What's the deal with Genshin Impact Wishes? (Part 2)

In this installment of the Genshin series, we'll be further investigating the Genshin Impact wishing system. In part one, we discussed the contradiction between having a flat rate of 0.6% to get a 5 star (with pity at 90) and having a consolidated rate of 1.6%. Turns out, the consolidted rate should be 1.435% instead!

But what if there isn't a flat rate, and instead the 1.6% consolidated is true? The following post will give a rough guess as to what those underlying rates may be.

In future posts we may improve our estimated rates with hyperparamater turning, machine learning, and optimization. However, without raw data, this may prove a redundant task, and may focus on other aspects of the so called 'soft pity' rates.

Let's get into it!

Programming Details

I don't think the programming details are all that important in this section. Check out my GitHub for more code. I simply carry out a bootstrap of the simulations with a rates array that are freely adjustable and see if we can artificially produce that 1.6% consolidated rate. Nonetheless, some of the code is below, but feel free to skip ahead.

Imports

import numpy as np
import pandas as pd
import random
from collections import Counter
import matplotlib.pyplot as plt

My wishing mechanisms. I make rates an input. I also only care about 5 stars for now. I lazily use a global count5 to represent how far along pity we are.

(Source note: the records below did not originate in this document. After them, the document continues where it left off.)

Lemma uniform01_setC01 : U (~` `[0, 1]) = 0%E.
Proof.
rewrite probability_setC // -[X in (1 - X)%E]/(U `[0, 1]).
by rewrite uniform01_itv ?ler01 // subr0 subee.
Qed.

Lemma sqr_dist_gt_setE (c r : R) : 0 <= r ->
  [set x | r ^+ 2 < (c - x) ^+ 2] = ~` `[c - r, c + r].
Proof.
move=> r_ge0; apply/seteqP; split => x /=; rewrite in_itv /=.
  by move=> h /andP[h1 h2]; nra.
by move=> h; rewrite ltNge; apply: contra_notN h => h; apply/andP; split; nra.
Qed.

Lemma uniform01_sqr_dist_gt (c r : R) : 0 <= r -> r <= c -> c + r <= 1 ->
  U [set x | r ^+ 2 < (c - x) ^+ 2] = (1 - 2 * r)%:E.
Proof.
move=> r_ge0 rc cr_le1; rewrite sqr_dist_gt_setE // probability_setC //.
rewrite -[X in (1 - X)%E]/(U `[c - r, c + r]).
by rewrite uniform01_itv; [rewrite -EFinB; congr (_%:E); ring | lra | lra | lra].
Qed.

End UniformUnitInterval.

Section IndependentUniforms.
Context d (T : measurableType d) (R : realType) (P : probability T R) (m : nat).
Variable theta : 'I_m -> {RV P >-> R}.
Hypothesis indep : mutually_independent P (fun j => (theta j : T -> R)).
Hypothesis unif : forall j, uniform01 P (theta j).

Definition min_sqr_dist (c : R) x :=
  \big[Order.min/+oo%E]_(j < m) ((c - theta j x) ^+ 2)%:E.

Lemma measurable_min_sqr_dist c : measurable_fun setT (min_sqr_dist c).
Proof.
apply: measurable_fun_bigmin => j; apply/measurable_EFinP.
by apply: measurable_funX; apply: measurable_funB.
Qed.

Lemma min_sqr_dist_ge0 c x : (0 <= min_sqr_dist c x)%E.
Proof. by apply: le_bigmin => // j _; rewrite lee_fin sqr_ge0. Qed.

Lemma ae_uniform01_in01 j : {ae P, forall x, 0 <= theta j x <= 1}.
Proof.
exists (theta j @^-1` ~` `[0, 1]); split.
- by apply: measurable_funPTI; apply: measurableC.
- by rewrite unif ?uniform01_setC01 //; apply: measurableC.
- by move=> x /= x01; rewrite in_itv.
Qed.

Lemma ae_min_sqr_dist_le (c s : R) : (0 < m)%N ->
  c ^+ 2 <= s -> (1 - c) ^+ 2 <= s -> {ae P, forall x, (min_sqr_dist c x <= s%:E)%E}.
Proof.
move=> m_gt0 c2_le c1_le; apply: filterS (ae_uniform01_in01 (Ordinal m_gt0)) => x /andP[x0 x1].
apply: le_trans (bigmin_le _ (Ordinal m_gt0) _) _; rewrite lee_fin.
set y := theta _ x in x0 x1 *; case: (lerP y c) => yc; nra.
Qed.

Lemma prob_min_sqr_dist_gt (c r : R) : 0 <= r -> r <= c -> c + r <= 1 ->
  P [set x | ((r ^+ 2)%:E < min_sqr_dist c x)%E] = ((1 - 2 * r) ^+ m)%:E.
Proof.
move=> r_ge0 rc cr_le1.
have -> : [set x | ((r ^+ 2)%:E < min_sqr_dist c x)%E] =
    \bigcap_(j in [set: 'I_m]) (theta j @^-1` [set y | r ^+ 2 < (c - y) ^+ 2]).
  apply/seteqP; split => x /=.
    by move=> /bigmin_gtP[_ gt_r] j _; have := gt_r j isT; rewrite lte_fin.
  move=> gt_r; apply/bigmin_gtP; split=> [|j _]; first exact: ltry.
  by rewrite lte_fin; exact: gt_r.
have mB : measurable [set y : R | r ^+ 2 < (c - y) ^+ 2].
  by rewrite sqr_dist_gt_setE //; apply: measurableC.
rewrite indep //; under eq_bigr do rewrite unif // uniform01_sqr_dist_gt //.
by rewrite prodEFin prodr_const card_ord.
Qed.

End IndependentUniforms.

Theorem lemma1 (d : measure_display) (T : measurableType d) (R : realType)
  (P : probability T R) (m : nat) (theta : 'I_m -> {RV P >-> R}) :
  mutually_independent P (fun j => (theta j : T -> R)) ->
  (forall j, uniform01 P (theta j)) ->
  (20 <= m)%N ->
  (\int[P]_x (\big[Order.min/+oo%E]_(j < m) ((4^-1 - theta j x) ^+ 2)%:E)
     <= ((101%:R / 100%:R : R) / (2 * (m.+1)%:R * (m.+2)%:R))%:E)%E.
Proof.
move=> indep unif m_ge20; have m_gt0 : (0 < m)%N by apply: leq_trans m_ge20.
set n := (200 * m)%N; have n_gt0 : (0 < n)%N by rewrite muln_gt0.
have Y_le : {ae P, forall x, (min_sqr_dist theta 4^-1 x <= (grid_level n n.+1)%:E)%E}.
  by rewrite /grid_level ltnn; apply: ae_min_sqr_dist_le => //; lra.
apply: le_trans (integral_le_sum_tails (measurable_min_sqr_dist theta _)
  (min_sqr_dist_ge0 theta _) (grid_level_nondecreasing n_gt0) (grid_level0 n) Y_le) _.
rewrite (eq_bigr (fun k : 'I_n.+1 =>
    ((grid_level n k.+1 - grid_level n k) * (1 - 2 * grid_radius n k) ^+ m)%:E)); last first.
  move=> k _; have k_le_n : (k <= n)%N by rewrite -ltnS.
  have r_ge0 : 0 <= grid_radius n k :> R := radius_ge0 n k.
  have r_le : grid_radius n k <= 4^-1 :> R := radius_le n_gt0 k_le_n.
  rewrite EFinM /grid_level k_le_n; congr (_ * _)%E.
  by apply: prob_min_sqr_dist_gt => //; lra.
by rewrite sumEFin lee_fin; apply: sum_grid_tail_200m_le.
Qed.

def roll(probMassFunc = [0.006,0.994]):
  """
  INPUT: probMassFunc
  OUTPUT: 0,1 (not 5 star; 5star)
  FUNCTIONALITY: Simulate 1 roll for just 5 star or not
  """

  value = np.random.choice(2,1,replace=True,p=probMassFunc)
  return value[0]

def conditionalRoll(wishRates):
  """
  INPUT:Rates; array of shape 90,
  OUTPUT: A sommon (5 star or not)
  Dependency: Requires global count5 starting at 1 and rates array
  Functionality: Now we roll with style (just keeping track)
  """

  global count5

  if(count5 == 90):
    summon = 0
  else:
    summon = roll(probMassFunc=[wishRates[count5],1-wishRates[count5]])

  if(summon == 0):
    count5 = 1
  else:
    count5 = count5 + 1

  return (summon)

My bootstrap mechanism, which really just repeats above. Make sure to choose your own rates array.

def bootstrap(bootstrapNum = 10, wishNum = 69000 , wishRates = rates):
  """
  INPUT: none; can adjust bootstrap and wishes and rates array
  OUTPUT: An array collecting consolidate rates of 5 stars
  """
  # How many bootstraps and how many wishes per bootstrap
  consolidated5Distribution = np.zeros(bootstrapNum)
  wishArr = np.zeros(wishNum)

  #Each bootstrap
  for stat in range(bootstrapNum):

    #Storing results
    for wish in range(wishNum):
      wishArr[wish] = conditionalRoll(wishRates)

    #Creating a dict counter of the array
    countDict = Counter(wishArr)
    
    #Calculating the consolidated rate for 5 and 4 star
    consolidated5 = countDict[0]/wishNum

    consolidated5Distribution[stat] = consolidated5

  return consolidated5Distribution

With this, calling bootstrap will carry out our simulation for bootstrapNum number of times, with each iteration having wishNum number of wishes. You may also define the rates as well.

distribution = bootstrap(10,69000,inputRates)
distribution2 = bootstrap() #If you created an array called rates

So what could the rates look like?

So here's a few rates I tried which are plotted below. Of course, I tried the flat 0.6% rates (black), and that again reproduced our 1.435%. I then tried three other methods of approximately achieving a consolidated rate of 1.6%. Simply raising the flat rate is one way to inrease the consolidated rate, which is represented by the cyan line. Another way is to mostly keep your 0.6% rates, but increase your rates at some point create a 'soft pity'. However, if you believe in a sudden soft pity at 74, for example, then the rates have to skyrocket to accomidate the consolidated rate. This is represented with the red line. A way of mending this is to make a broader curve for the rates. This is represented by the blue line.

We can significantly improve our results with some tuning and a little bit of machine learning, but that's not neccesary to discuss the big takeaway from these simulations.

So what do these results mean about the rates?

The essential idea is to demonstrate that the rates cannot be theoretically determined without data because the solution is not unique. In particular, there are many solutions, and likewise many rates, that produce that 1.6% consolidated rate.

In order to gain more insight on the underlying rates, we would need a sufficiently large amount of data to guide our analysis, or the rates would have to be simply disclosed. But of course, that'd ruin the fun.

Until next time; and best of luck!